15 ноября 1659 года, во вторник, Пти-Бурбон объявляет о представлении «Цинны» и «Смешных жеманниц», «третьей новой пьесы господина де Мольера», как пишет Лагранж. Сбор составляет 533 ливра, и каждый актер получает по 43 ливра. На какое-то время пьеса снята с афиши, но в день ее возобновления (2 декабря) выручка поднимается до 1400 ливров, то есть по 121 ливру на актера. Ввиду такого триумфа и как выражение благодарности труппа назначает Мольеру еще 500 ливров, сверх его пая: это его первый авторский гонорар!
Считалось (и Вольтер так думал), что «Жеманницы» были написаны и поставлены впервые еще в провинции, а не 15 ноября 1659 года. Такое мнение не выдерживает критики.

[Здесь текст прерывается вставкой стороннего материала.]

Lemma B_run_small_load1 : load1 inp n (fun i => i \in Ys n) <= 5/4.
Proof.
have l1A : load1 inp n A <= 1 by move: optA; rewrite /makespan ge_max => /andP [].
have [_ mYn _] := B_run_inv pos run (leqnn n).
have inN t : t \in Ys n -> (t < n)%N by move/mYn/andP => [].
case: (boolP (has (fun r => is_g2 inp r && (r \notin Ys n)) (iota 0 n))); last first.
  move/hasPn => none; apply: le_trans (load1_subset pos _) _; last by lra.
  move=> i iN iY; apply/negP => /(feasA iN) g2.
  by have := none i; rewrite mem_iota iN g2 iY => /(_ isT).
case/hasP => r; rewrite mem_iota add0n /= => rn /andP [g2 rN].
have miss := B_run_small_missing rn g2 rN.
case Ar: (A r); last first.
  apply: le_trans (load1_subset pos _) _; last by lra.
  by move=> i iN iY; case: (miss i iN iY) => // ->; rewrite Ar.
(* [r] moves to [m1], but the jobs of [m2] that made [B] reject [r] are on
   [m1] in [A]. *)
have shift S : uniq S -> {in S, forall s, s \in Ys r /\ 1 < p s + p r} ->
    load1 inp n (fun i => i \in Ys n) + load S <= 1 + p r.
  move=> uS hS; rewrite -(load_seq1 inp r).
  apply: le_trans (load1_exchange pos uS (isT : uniq [:: r]) _ _ _) _.
  - move=> s /hS [/(B_run_small_subset (ltnW rn) (leqnn n)) sY big].
    split; [exact: inN | done | apply/negP => As].
    have sr : s != r by apply: contraNneq rN => <-.
    by have := opt_pair_le1 pos optA (inN s sY) rn sr (etrans As (esym Ar)); lra.
  - by move=> e; rewrite inE => /eqP ->.
  - move=> i iN iY; rewrite inE.
    by case: (miss i iN iY) => [-> | ->]; [left | right].
  by rewrite lerD2r.
have [pr rej] := B_run_small_rejected rn g2 rN.
have := opt_job_le1 pos optA rn.
case: rej => [[pr4 [p54 | [T [uT sT lT bT]]]] | [pr5 [jm jmY bjm]]].
- lra.
- have := shift T uT (fun t tT => conj (sT t tT) (bT t tT)); lra.
- have : {in [:: jm], forall s, s \in Ys r /\ 1 < p s + p r}.
    by move=> s; rewrite inE => /eqP ->; split=> //; lra.
  by move/(shift [:: jm] isT); rewrite load_seq1; lra.
Qed.

End SmallFinalLoad.

Lemma B_run_makespan A : feasible inp n A -> makespan inp n A <= 1 ->
  makespan inp n (fun i => i \in Ys n) <= 5/4.
Proof.
move=> feasA optA; have [uN mN lN] := B_run_inv pos run (leqnn n).
have l2B : load2 inp n (fun i => i \in Ys n) = load (Ys n).
  by rewrite /load2 load_iota_mem // => i /mN /andP [].
rewrite /makespan ge_max l2B lN andbT.
case: (ltP (load (Ys n)) (3/4)) => [small | big].
  by apply: (B_run_small_load1 _ feasA optA); lra.
have tB := load1D2 inp n (fun i => i \in Ys n); have tA := load1D2 inp n A.
move: optA; rewrite /makespan ge_max l2B in tB * => /andP [l1A l2A].
lra.
Qed.

End Makespan.

(* A deterministic instance of Algorithm B.  It is parametrised by the size
   and grade functions rather than by the input, so that running it on a
   prefix of the input can be compared with running it on the whole input. *)
Section Deterministic.
Variable R : realFieldType.

Definition loadf (f : nat -> R) (Y : seq nat) : R := \sum_(i <- Y) f i.
Definition pmaxf (f : nat -> R) (Y : seq nat) : R := \big[Num.max/0]_(i <- Y) f i.
Definition sort_desc (f : nat -> R) (Y : seq nat) := sort (fun a b => f b <= f a) Y.
Definition longest_prefix_len (f : nat -> R) (s : seq nat) (b : R) : nat :=
  find (fun k => b < loadf f (take k.+1 s)) (iota 0 (size s)).
Definition shortest_prefix_len (f : nat -> R) (s : seq nat) (b : R) : nat :=
  find (fun k => b <= loadf f (take k s)) (iota 0 (size s).+1).

Definition stepB (f : nat -> R) (g : nat -> bool) (j : nat) (Y : seq nat) : seq nat :=
  let p := f j in let y := loadf f Y in let pm := pmaxf f Y in
  let s := sort_desc f Y in
  if ~~ g j || (3/4 <= y) then Y
  else if y + p <= 5/4 then j :: Y
  else if 3/4 <= p then
    let W := take (longest_prefix_len f s (3/4 * p)) s in
    if 5/4 < y - loadf f W + p then Y else j :: [seq i <- Y | i \notin W]
  else if 5/4 < p + pm then Y
  else
    let jm := head 0%N s in
    let W := if y / 2 <= pm then [seq i <- Y | i != jm]
             else if 1/4 <= pm then [:: jm]
             else let W0 := take (shortest_prefix_len f s (1/4)) s in
                  if 3/4 * p < loadf f W0 then [seq i <- Y | i \notin W0] else W0 in
    j :: [seq i <- Y | i \notin W].

Fixpoint runB (f : nat -> R) (g : nat -> bool) (k : nat) : seq nat :=
  if k is k'.+1 then stepB f g k' (runB f g k') else [::].

Lemma sort_desc_eq_in f f' Y : {in Y, f =1 f'} -> sort_desc f Y = sort_desc f' Y.
Proof.
move=> h.
have E h' : sort_desc h' Y =
    map fst (sort (fun a b : nat * R => b.2 <= a.2) (map (fun i => (i, h' i)) Y)).
  by rewrite sort_map -map_comp map_id.
by rewrite !E; congr (map _ (sort _ _)); apply/eq_in_map => i iY /=; rewrite h.
Qed.

Lemma stepB_eq_in f f' g g' j Y : {in j :: Y, f =1 f'} -> g j = g' j ->
  stepB f g j Y = stepB f' g' j Y.
Proof.
move=> hf hg.
have hY : {in Y, f =1 f'} by move=> i iY; apply: hf; rewrite inE iY orbT.
have hj : f j = f' j by apply/hf/mem_head.
have eL Z : {subset Z <= Y} -> loadf f Z = loadf f' Z.
  by move=> sZ; apply: eq_big_seq => i /sZ /hY.
have eT k : loadf f (take k (sort_desc f' Y)) = loadf f' (take k (sort_desc f' Y)).
  by apply: eL => i /mem_take; rewrite mem_sort.
have eM : pmaxf f Y = pmaxf f' Y by apply: eq_big_seq.
have eLp b : longest_prefix_len f (sort_desc f' Y) b =
             longest_prefix_len f' (sort_desc f' Y) b.
  by apply: eq_find => k; rewrite eT.
have eSp b : shortest_prefix_len f (sort_desc f' Y) b =
             shortest_prefix_len f' (sort_desc f' Y) b.
  by apply: eq_find => k; rewrite eT.
by rewrite /stepB /= hg hj (eL Y) // eM (sort_desc_eq_in hY) !eLp !eSp !eT.
Qed.

Lemma stepB_sub f g j Y : {subset stepB f g j Y <= j :: Y}.
Proof.
have s1 : {subset Y <= j :: Y} by move=> i iY; rewrite inE iY orbT.
have s2 (P : pred nat) : {subset j :: [seq i <- Y | P i] <= j :: Y}.
  by move=> i; rewrite !inE mem_filter => /orP [-> | /andP [_ ->]]; rewrite ?orbT.
by rewrite /stepB /=; do ! case: ifP => _; first [exact: s1 | exact: s2 | done].
Qed.

Lemma runB_lt f g j i : i \in runB f g j -> (i < j)%N.
Proof.
elim: j i => [|j IH] i //= /stepB_sub; rewrite inE => /predU1P [-> // | /IH].
exact: ltnW.
Qed.

End Deterministic.

Section DeterministicSpec.
Variable R : realFieldType.
Variable inp : seq (job R).
Local Notation p := (psz inp).
Local Notation n := (size inp).

Lemma sorted_of_sort_desc Y : sorted_of inp (sort_desc p Y) Y.
Proof.
apply/andP; split; first by rewrite perm_sort perm_refl.
by apply: sort_sorted => a b; rewrite le_total.
Qed.

Lemma longest_prefix_len_spec s b : 0 <= b -> {in s, forall i, 0 <= p i} ->
  longest_prefix_le inp s b (take (longest_prefix_len p s b) s).
Proof.
move=> b0 hs; set k := longest_prefix_len p s b.
have ks : (k <= size s)%N.
  by rewrite /k /longest_prefix_len -{2}(size_iota 0 (size s)) find_size.
exists k; split => //.
- case kE: k => [|k0]; first by rewrite take0 /load big_nil.
  have /(before_find 0%N) : (k0 < k)%N by rewrite kE.
  rewrite nth_iota ?add0n -?kE // => /negbT; by rewrite -leNgt.
- move=> k' kk' k's; have kl : (k < size s)%N by apply: leq_trans kk' k's.
  have /(nth_find 0%N) : has (fun k => b < loadf p (take k.+1 s)) (iota 0 (size s)).
    by rewrite has_find size_iota.
  rewrite -/(longest_prefix_len p s b) -/k nth_iota // add0n => h.
  by apply: lt_le_trans h _; apply: load_take_mono.
Qed.

Lemma shortest_prefix_len_spec s b :
  shortest_prefix_ge inp s b (take (shortest_prefix_len p s b) s).
Proof.
set k := shortest_prefix_len p s b.
case hk: (has (fun k => b <= loadf p (take k s)) (iota 0 (size s).+1)).
- left; exists k.
  have kl : (k < (size s).+1)%N.
    by rewrite /k /shortest_prefix_len -{2}(size_iota 0 (size s).+1) -has_find.
  split => //.
    by move: hk => /(nth_find 0%N); rewrite -/k nth_iota // add0n.
  move=> k' kk'; move: (before_find 0%N kk').
  by rewrite nth_iota ?add0n ?(ltn_trans kk') // => /negbT; rewrite -ltNge.
- right; split.
  + move=> k' k's; move/hasPn: (negbT hk) => /(_ k').
    by rewrite mem_iota add0n ltnS k's -ltNge => /(_ isT).
  + rewrite take_oversize // /k /shortest_prefix_len.
    by move: hk; rewrite has_find size_iota => /negbT; rewrite -leqNgt => /ltnW.
Qed.

Lemma head_sort_desc Y : Y != [::] -> {in Y, forall i, 0 <= p i} ->
  head 0%N (sort_desc p Y) \in Y /\ p (head 0%N (sort_desc p Y)) = pmaxY inp Y.
Proof.
move=> Yn hY; have /andP [_ so] := sorted_of_sort_desc Y.
have mS i : (i \in sort_desc p Y) = (i \in Y) by rewrite mem_sort.
have : sort_desc p Y != [::] by rewrite -size_eq0 size_sort size_eq0.
case E: (sort_desc p Y) so mS => [|h t] // so mS _ /=.
have hY' : h \in Y by rewrite -mS mem_head.
split=> //; apply/eqP; rewrite eq_le pmaxY_ge //=.
apply: pmaxY_le; first exact: hY.
move=> i; rewrite -mS inE => /predU1P [-> // | it].
by move: (order_path_min (@sorted_desc_trans _ inp) so) => /allP /(_ i it).
Qed.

Предположим, пьеса шла в Лионе или Безье; возможно ли, чтобы о ней не сохранилось упоминаний, — при том, что она так далеко превосходит «Шалого» или «Любовную досаду»? И потом, если в Лионе и обитали жеманницы, они могли быть только бледной тенью своих парижских образцов. Это заблуждение, очевидно, родилось из двух реплик Лагранжа: «Какие-то чванливые провинциалки, — говорит он в одной из них, — жеманятся сверх всякой меры…» И во второй: «Духом жеманства заражен не только Париж, но и провинция, и наши вертушки пропитаны им насквозь».
Не следует забывать, что Мольер — умелый дипломат, что он искусно прикрывает дерзость своих демаршей. Делая из Като и Мадлон провинциалок, он отводит глаза тем, на кого нападает, — парижским прециозницам, Отелю Рамбуйе и его приверженцам. А дерзость его поистине неслыханна: «Жеманницами» он бросает вызов дамам и кавалерам, которые диктуют законы парижской изящной словесности, судят, что хорошо, что дурно, создают и разрушают литературные репутации. Он набрасывается и на своих соперников, актеров Бургундского отеля, и притом самым яростным образом. Когда слуга Маскариль, переодетый маркизом для пользы дела и по прихоти своего господина, говорит жеманницам, что написал комедию, и они спрашивают, кому он ее отдал, то он отвечает: «Что за вопрос? Актерам Бургундского отеля. Только они и способны оттенить достоинства пьесы. В других театрах актеры невежественны: они читают стихи, как говорят, не умеют завывать, не умеют, где нужно, остановиться. Каким же манером узнать, хорош ли стих, ежели актер не сделает паузы и этим не даст вам понять, что пора подымать шум?»
Актеры Бургундского отеля не просто «завывают», они почти распевают стихи; их дикция не имеет никакого отношения к разговорной речи, за которую ратует Мольер; это предел неестественности. Но мы к этому еще вернемся.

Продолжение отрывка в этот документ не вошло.